**EXERCISE DATA**.

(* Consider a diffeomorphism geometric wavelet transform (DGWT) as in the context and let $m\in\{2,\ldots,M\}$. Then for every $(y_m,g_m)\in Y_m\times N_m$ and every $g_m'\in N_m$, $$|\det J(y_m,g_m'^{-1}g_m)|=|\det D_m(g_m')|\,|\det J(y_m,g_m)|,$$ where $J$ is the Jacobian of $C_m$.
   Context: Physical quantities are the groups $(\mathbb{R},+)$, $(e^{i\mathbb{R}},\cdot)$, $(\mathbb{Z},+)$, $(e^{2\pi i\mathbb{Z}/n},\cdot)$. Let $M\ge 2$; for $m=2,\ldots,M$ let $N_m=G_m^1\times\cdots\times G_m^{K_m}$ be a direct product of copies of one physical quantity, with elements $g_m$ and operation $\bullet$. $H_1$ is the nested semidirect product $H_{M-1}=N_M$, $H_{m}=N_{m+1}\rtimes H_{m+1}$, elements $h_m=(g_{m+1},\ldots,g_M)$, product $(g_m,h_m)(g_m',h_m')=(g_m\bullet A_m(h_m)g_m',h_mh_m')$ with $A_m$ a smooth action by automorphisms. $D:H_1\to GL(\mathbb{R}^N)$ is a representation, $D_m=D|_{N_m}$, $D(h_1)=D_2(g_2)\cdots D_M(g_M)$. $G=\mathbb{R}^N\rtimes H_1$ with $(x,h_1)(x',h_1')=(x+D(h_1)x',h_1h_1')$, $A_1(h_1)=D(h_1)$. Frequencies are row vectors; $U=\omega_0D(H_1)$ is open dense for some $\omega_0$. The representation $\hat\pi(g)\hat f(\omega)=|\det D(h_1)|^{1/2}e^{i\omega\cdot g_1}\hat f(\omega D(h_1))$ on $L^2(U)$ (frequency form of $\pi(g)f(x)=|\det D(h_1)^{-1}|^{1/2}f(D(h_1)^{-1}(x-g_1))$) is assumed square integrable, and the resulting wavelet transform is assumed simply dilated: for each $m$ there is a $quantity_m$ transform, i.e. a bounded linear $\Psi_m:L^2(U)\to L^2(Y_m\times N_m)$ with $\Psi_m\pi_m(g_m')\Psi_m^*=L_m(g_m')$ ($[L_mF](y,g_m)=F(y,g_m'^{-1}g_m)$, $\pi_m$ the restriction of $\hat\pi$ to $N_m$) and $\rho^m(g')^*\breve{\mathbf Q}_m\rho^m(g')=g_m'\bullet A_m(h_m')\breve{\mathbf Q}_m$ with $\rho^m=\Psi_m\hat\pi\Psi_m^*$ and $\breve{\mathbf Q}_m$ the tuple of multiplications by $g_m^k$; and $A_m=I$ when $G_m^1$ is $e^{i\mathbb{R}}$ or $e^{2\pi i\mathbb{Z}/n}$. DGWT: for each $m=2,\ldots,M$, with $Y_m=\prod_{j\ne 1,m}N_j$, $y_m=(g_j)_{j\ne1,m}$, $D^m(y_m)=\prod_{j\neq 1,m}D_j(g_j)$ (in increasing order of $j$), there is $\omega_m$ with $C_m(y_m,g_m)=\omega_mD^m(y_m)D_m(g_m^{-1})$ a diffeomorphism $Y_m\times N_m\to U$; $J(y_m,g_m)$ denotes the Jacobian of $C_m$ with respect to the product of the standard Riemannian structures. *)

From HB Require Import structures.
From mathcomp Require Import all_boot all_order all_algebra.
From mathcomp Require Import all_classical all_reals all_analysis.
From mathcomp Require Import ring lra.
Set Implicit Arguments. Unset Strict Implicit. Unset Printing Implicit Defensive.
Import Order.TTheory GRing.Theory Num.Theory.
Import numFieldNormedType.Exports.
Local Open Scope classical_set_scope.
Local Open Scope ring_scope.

**EXERCISE DIRECTIONS**. Each line of the entries above that contains "From" must be copied into the answer.

**YOUR SOLUTION**.
From HB Require Import structures.
From mathcomp Require Import all_boot all_order all_algebra.
From mathcomp Require Import all_classical all_reals all_analysis.
From mathcomp Require Import ring lra.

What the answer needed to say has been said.